Within an hour of the meeting ending, I read the AI summary against my memory while the conversation is fresh. This is where you catch the transcription deciding your client's surname is a type of cheese. I correct names, fix any garbled figures, and delete anything irrelevant or sensitive that does not belong in the record.

Then the actions get moved out. A summary sitting in a notetaking app is only marginally better than a memory. Every action item goes into the actual task system, ours flow into the CRM automatically via Fireflies, with an owner and a date. This is the step most people skip, and it is the step that makes the difference between having notes and never forgetting a client call.

Finally, the raw audio gets deleted on a schedule. Approved notes and corrected transcripts stay for as long as our retention policy says, and no longer.

An Honest Reality Check

I am an enthusiast, but let me tell you what these tools will not do, because the marketing will not.

They will not understand what mattered. An AI summary weights what was said, not what was meant. The throwaway comment where a client hinted they were unhappy can end up as half a sentence in a summary, when a human note taker would have underlined it three times. Read the summaries with your own judgement switched on.

They occasionally invent things. Language models sometimes produce confident text that was never said, especially around numbers and names. It is rare with the good tools, but rare is not never, and if the note is going into a client file, it needs human eyes first.

They change the temperature of a conversation. Some people speak less freely when they know a machine is listening, and a few will refuse outright. Respect that. Have a fallback of old fashioned handwritten notes and never bury the recording disclosure hoping nobody notices, because that road ends with a complaint to the ICO.

And they will not fix a bad meeting. If the conversation was aimless, the AI will faithfully produce an aimless summary. Agendas still matter. The Raconteur research quoted a recruitment director calling Britain's meeting load a significant loss of productivity that UK employers cannot afford, and no notetaker changes that. What it changes is whether the meetings you do hold produce something durable.

What to Do This Week

If you have read this far, here is the practical path. Install Fathom or Granola today, both free, and use one on your next three internal meetings. Add the recording disclosure line to your calendar template and your privacy notice at the same time, and jot a short legitimate interests assessment, one page is fine. After three meetings, check the notes against your memory and ask one question: did anything get captured that would previously have been lost? In my experience the answer arrives fast, usually in the form of an action item you had already forgotten you agreed to.

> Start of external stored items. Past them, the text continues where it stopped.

(* Let $0<q<1$, $\alpha>-1$ and let $n\ge0$ be an integer. The matrix $\left((q^{\alpha+1};q)_{j+k}\,q^{-\binom{j+k+1}{2}-\alpha(j+k)}\right)_{j,k=0}^{n}$ is invertible and its inverse is $(\gamma_{j,k})_{j,k=0}^n$ with \[ \gamma_{j,k}=\sum_{m=0}^{n}\frac{(q^{\alpha+1};q)_m\,q^{m(j+k+1)}\,(q^{-m};q)_j\,(q^{-m};q)_k\,q^{\alpha(j+k)+\binom{j+1}{2}+\binom{k+1}{2}}}{(q;q)_m\,(q;q)_j\,(q;q)_k\,(q^{\alpha+1};q)_j\,(q^{\alpha+1};q)_k}. \]
   Context: $(a;q)_m=\prod_{i=0}^{m-1}(1-aq^i)$ for integers $m\ge0$ (empty product $=1$); in particular $(q^{-m};q)_j=0$ for $j>m$. *)

From Stdlib Require Import Reals.
Open Scope R_scope.

Fixpoint qpoch (a q : R) (m : nat) : R :=
  match m with
  | O => 1
  | S m' => qpoch a q m' * (1 - a * q ^ m')
  end.

Definition binom2 (N : nat) : R := INR N * (INR N - 1) / 2.

Definition Amat (q alpha : R) (j k : nat) : R :=
  qpoch (Rpower q (alpha + 1)) q (j + k)
  * Rpower q (- binom2 (j + k + 1) - alpha * INR (j + k)).

Definition gamma (q alpha : R) (n j k : nat) : R :=
  sum_f_R0 (fun m =>
    qpoch (Rpower q (alpha + 1)) q m * q ^ (m * (j + k + 1))
    * qpoch (/ q ^ m) q j * qpoch (/ q ^ m) q k
    * Rpower q (alpha * INR (j + k) + binom2 (j + 1) + binom2 (k + 1))
    / (qpoch q q m * qpoch q q j * qpoch q q k
       * qpoch (Rpower q (alpha + 1)) q j * qpoch (Rpower q (alpha + 1)) q k)) n.

(* product of (n+1)x(n+1) matrices indexed 0..n *)
Definition matmul (n : nat) (A B : nat -> nat -> R) (j k : nat) : R :=
  sum_f_R0 (fun l => A j l * B l k) n.

Definition idm (j k : nat) : R := if Nat.eqb j k then 1 else 0.

From Stdlib Require Import Reals Lra Lia Wf_nat.
Open Scope R_scope.

(* A is the Gram matrix of the monomials for the functional x^s |-> mu_s.  The
   polynomials p_m(x) = sum_l B_{m,l} x^l with
     B_{m,l} = q^{ml} (q^{-m};q)_l q^{alpha l + C(l+1,2)} / ((q;q)_l (q^{alpha+1};q)_l)
   are orthogonal for it: B A B^T = diag(1/d_m), d_m = (q^{alpha+1};q)_m q^m / (q;q)_m,
   and the claimed inverse is gamma = B^T diag(d) B.

   It then develops a small
   q-difference calculus: the weights (q^{-m};q)_l q^{ml} / (q;q)_l compute the m-th
   q-difference at 0, which annihilates polynomials in q^{-l} of degree < m and maps
   those of degree m with top coefficient c to c (q^{-1};q^{-1})_m.  Finally
   (A B^T)_{j,m} is such a q-difference of a degree-j polynomial, which yields the
   two hypotheses of the inversion lemma. *)

Lemma sum_single (f : nat -> R) N p : (p <= N)%nat ->
  (forall i, (i <= N)%nat -> i <> p -> f i = 0) -> sum_f_R0 f N = f p.
Proof.
  induction N as [|N IH]; intros Hp Hf; simpl.
  - now replace p with 0%nat by lia.
  - destruct (Nat.eq_dec p (S N)) as [->|Hne].
    + rewrite sum_eq_R0 by (intros; apply Hf; lia). ring.
    + rewrite IH, (Hf (S N)) by (try lia; intros; apply Hf; lia). ring.
Qed.

Lemma sum_trunc (f : nat -> R) N m : (m <= N)%nat ->
  (forall i, (m < i <= N)%nat -> f i = 0) -> sum_f_R0 f N = sum_f_R0 f m.
Proof.
  induction N as [|N IH]; intros Hm Hf.
  - now replace m with 0%nat by lia.
  - destruct (Nat.eq_dec m (S N)) as [->|Hne]; [reflexivity|].
    simpl. rewrite IH, (Hf (S N)) by (try lia; intros; apply Hf; lia). ring.
Qed.

Lemma sum_swap (f : nat -> nat -> R) N M :
  sum_f_R0 (fun i => sum_f_R0 (fun k => f i k) M) N =
  sum_f_R0 (fun k => sum_f_R0 (fun i => f i k) N) M.
Proof.
  induction N as [|N IH]; simpl; [reflexivity|].
  now rewrite IH, <- plus_sum.
Qed.

Lemma sum_mult_l (f : nat -> R) c N : c * sum_f_R0 f N = sum_f_R0 (fun i => c * f i) N.
Proof. rewrite scal_sum. apply sum_eq. intros; ring. Qed.

Definition symmetric (A : nat -> nat -> R) : Prop := forall j k, A j k = A k j.

Definition lower_triangular (B : nat -> nat -> R) : Prop :=
  forall p l, (p < l)%nat -> B p l = 0.

Lemma idm_diag j : idm j j = 1.
Proof. unfold idm. now rewrite Nat.eqb_refl. Qed.

Lemma idm_offdiag j k : j <> k -> idm j k = 0.
Proof. intros H. unfold idm. now destruct (Nat.eqb_spec j k). Qed.

Lemma matmul_assoc n A B C j k :
  matmul n (matmul n A B) C j k = matmul n A (matmul n B C) j k.
Proof.
  unfold matmul.
  rewrite (sum_eq _ (fun m => sum_f_R0 (fun l => A j l * B l m * C m k) n))
    by (intros; rewrite Rmult_comm, scal_sum; apply sum_eq; intros; ring).
  rewrite (sum_eq (fun l => A j l * _) (fun l => sum_f_R0 (fun m => A j l * B l m * C m k) n))
    by (intros; rewrite sum_mult_l; apply sum_eq; intros; ring).
  now rewrite sum_swap.
Qed.

Lemma matmul_idm_l n A B j k : (j <= n)%nat ->
  (forall l, (l <= n)%nat -> A j l = idm j l) -> matmul n A B j k = B j k.
Proof.
  intros Hj HA. unfold matmul. rewrite (sum_single _ n j Hj).
  - now rewrite HA, idm_diag by auto; ring.
  - intros i Hi Hne. rewrite HA, idm_offdiag by auto. ring.
Qed.

Lemma matmul_idm_r n A j k : (k <= n)%nat -> matmul n A idm j k = A j k.
Proof.
  intros Hk. unfold matmul. rewrite (sum_single _ n k Hk).
  - rewrite idm_diag. ring.
  - intros i Hi Hne. rewrite idm_offdiag by auto. ring.
Qed.

Lemma matmul_symmetric n A B j k : symmetric A -> symmetric B ->
  matmul n A B j k = matmul n B A k j.
Proof.
  intros HA HB. unfold matmul. apply sum_eq. intros l _.
  rewrite (HA j l), (HB l k). ring.
Qed.

Lemma lower_triangular_kernel n B (x : nat -> R) :
  lower_triangular B -> (forall p, (p <= n)%nat -> B p p <> 0) ->
  (forall p, (p <= n)%nat -> sum_f_R0 (fun j => B p j * x j) n = 0) ->
  forall j, (j <= n)%nat -> x j = 0.
Proof.
  intros HB Hdiag Hx j. induction j as [j IH] using lt_wf_ind. intros Hj.
  assert (Hrow : sum_f_R0 (fun i => B j i * x i) n = B j j * x j).
  { apply (sum_single (fun i => B j i * x i)); auto. intros i Hi Hne.
    destruct (Nat.lt_ge_cases j i).
    - rewrite HB by auto. ring.
    - rewrite IH by lia. ring. }
  rewrite Hx in Hrow by auto.
  destruct (Rmult_integral _ _ (eq_sym Hrow)) as [H|H]; [|exact H].
  now destruct (Hdiag j Hj).
Qed.

Lemma lower_triangular_right_inverse n B C :
  lower_triangular B -> (forall p, (p <= n)%nat -> B p p <> 0) ->
  (forall p m, (p <= n)%nat -> (m <= n)%nat -> matmul n B C p m = idm p m) ->
  forall j k, (j <= n)%nat -> (k <= n)%nat -> matmul n C B j k = idm j k.
Proof.
  intros HB Hdiag HBC j k Hj Hk.
  enough (H : matmul n C B j k - idm j k = 0) by lra.
  revert j Hj. apply (lower_triangular_kernel n B); auto. intros p Hp.
  (* B (C B - I) = (B C) B - B = 0 *)
  rewrite (sum_eq _ (fun i => B p i * matmul n C B i k - B p i * idm i k)) by (intros; ring).
  rewrite minus_sum.
  change (matmul n B (matmul n C B) p k - matmul n B idm p k = 0).
  rewrite <- matmul_assoc, matmul_idm_l, matmul_idm_r by auto. ring.
Qed.

(** * Inverting a matrix from an LDL^T-type factorisation *)

Lemma congruence_symmetric n A B p m : symmetric A ->
  matmul n B (matmul n A (fun l m => B m l)) p m =
  matmul n B (matmul n A (fun l m => B m l)) m p.
Proof.
  intros HA. unfold matmul.
  rewrite !(sum_eq (fun j => B _ j * _) _ n (fun j _ => sum_mult_l _ _ n)), sum_swap.
  apply sum_eq; intros i _. apply sum_eq; intros i' _. rewrite (HA i' i). ring.
Qed.

Lemma congruence_diagonal n A B :
  symmetric A -> lower_triangular B ->
  (forall j m, (j < m <= n)%nat -> matmul n A (fun l m => B m l) j m = 0) ->
  forall p m, (p <= n)%nat -> (m <= n)%nat ->
    matmul n B (matmul n A (fun l m => B m l)) p m
    = idm p m * (B m m * matmul n A (fun l m => B m l) m m).
Proof.
  intros HA HB HG.
  assert (Hlow : forall p m, (p < m <= n)%nat ->
            matmul n B (matmul n A (fun l m => B m l)) p m = 0).
  { intros p m Hpm. apply sum_eq_R0. intros j Hj.
    destruct (Nat.lt_ge_cases p j).
    - rewrite HB by auto. ring.
    - rewrite HG by lia. ring. }
  intros p m Hp Hm. destruct (Nat.lt_trichotomy p m) as [Hlt|[<-|Hgt]].
  - rewrite Hlow, idm_offdiag by lia. ring.
  - rewrite idm_diag. unfold matmul at 1.
    rewrite (sum_single _ n p Hp); [ring|]. intros j Hj Hne.
    destruct (Nat.lt_ge_cases p j).
    + rewrite HB by auto. ring.
    + rewrite HG by lia. ring.
  - rewrite congruence_symmetric, Hlow, idm_offdiag by (auto; lia). ring.
Qed.

(* LDL^T inversion: if B A B^T = D^{-1} with B lower triangular (which the
   hypotheses below express), then B^T D B is a two-sided inverse of A. *)
Lemma ldlt_inverse n A B (d : nat -> R) Gamma :
  symmetric A -> lower_triangular B ->
  (forall j m, (j < m <= n)%nat -> matmul n A (fun l m => B m l) j m = 0) ->
  (forall m, (m <= n)%nat -> d m * B m m * matmul n A (fun l m => B m l) m m = 1) ->
  (forall j k, Gamma j k = sum_f_R0 (fun m => B m j * d m * B m k) n) ->
  forall j k, (j <= n)%nat -> (k <= n)%nat ->
    matmul n A Gamma j k = idm j k /\ matmul n Gamma A j k = idm j k.
Proof.
  intros HA HB HG Hnorm HGamma.
  set (G := matmul n A (fun l m => B m l)) in *.
  set (C := matmul n A (fun l m => B m l * d m)).
  assert (Hdiag : forall p, (p <= n)%nat -> B p p <> 0).
  { intros p Hp H. specialize (Hnorm p Hp). rewrite H in Hnorm. lra. }
  assert (HC : forall j m, C j m = G j m * d m).
  { intros j m. unfold C, G, matmul. rewrite Rmult_comm, sum_mult_l.
    apply sum_eq. intros; ring. }
  assert (HBC : forall p m, (p <= n)%nat -> (m <= n)%nat -> matmul n B C p m = idm p m).
  { intros p m Hp Hm.
    assert (E : matmul n B C p m = d m * matmul n B G p m).
    { unfold matmul at 1 2. rewrite sum_mult_l. apply sum_eq. intros. rewrite HC. ring. }
    rewrite E, (congruence_diagonal n A B) by auto. fold G.
    destruct (Nat.eq_dec p m) as [->|Hne].
    - rewrite idm_diag, Rmult_1_l, <- Rmult_assoc. exact (Hnorm m Hm).
    - rewrite idm_offdiag by auto. ring. }
  assert (HAGamma : forall j k, (j <= n)%nat -> (k <= n)%nat ->
            matmul n A Gamma j k = idm j k).
  { intros j k Hj Hk.
    rewrite <- (lower_triangular_right_inverse n B C HB Hdiag HBC j k Hj Hk).
    unfold C. rewrite matmul_assoc. unfold matmul at 1 3.
    apply sum_eq. intros l _. rewrite HGamma. reflexivity. }
  assert (HGsym : symmetric Gamma).
  { intros j k. rewrite !HGamma. apply sum_eq. intros; ring. }
  intros j k Hj Hk. split; [auto|].
  rewrite matmul_symmetric, HAGamma by auto.
  unfold idm. now rewrite Nat.eqb_sym.
Qed.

If the habit sticks and your notes need to reach a CRM, budget roughly £8 to £16 per user per month for Fireflies or a Fathom paid tier. If you are in a regulated profession, book demos with the UK specialists instead and ask hard questions about data location, training opt outs and audit trails. Either way, AI meeting notes are one of the very few workplace AI applications that reliably pay for themselves in the first month, provided you do the unglamorous parts: tell people, check the output, move the actions, delete the audio. Do those four things and you genuinely will never write minutes or forget a client call again.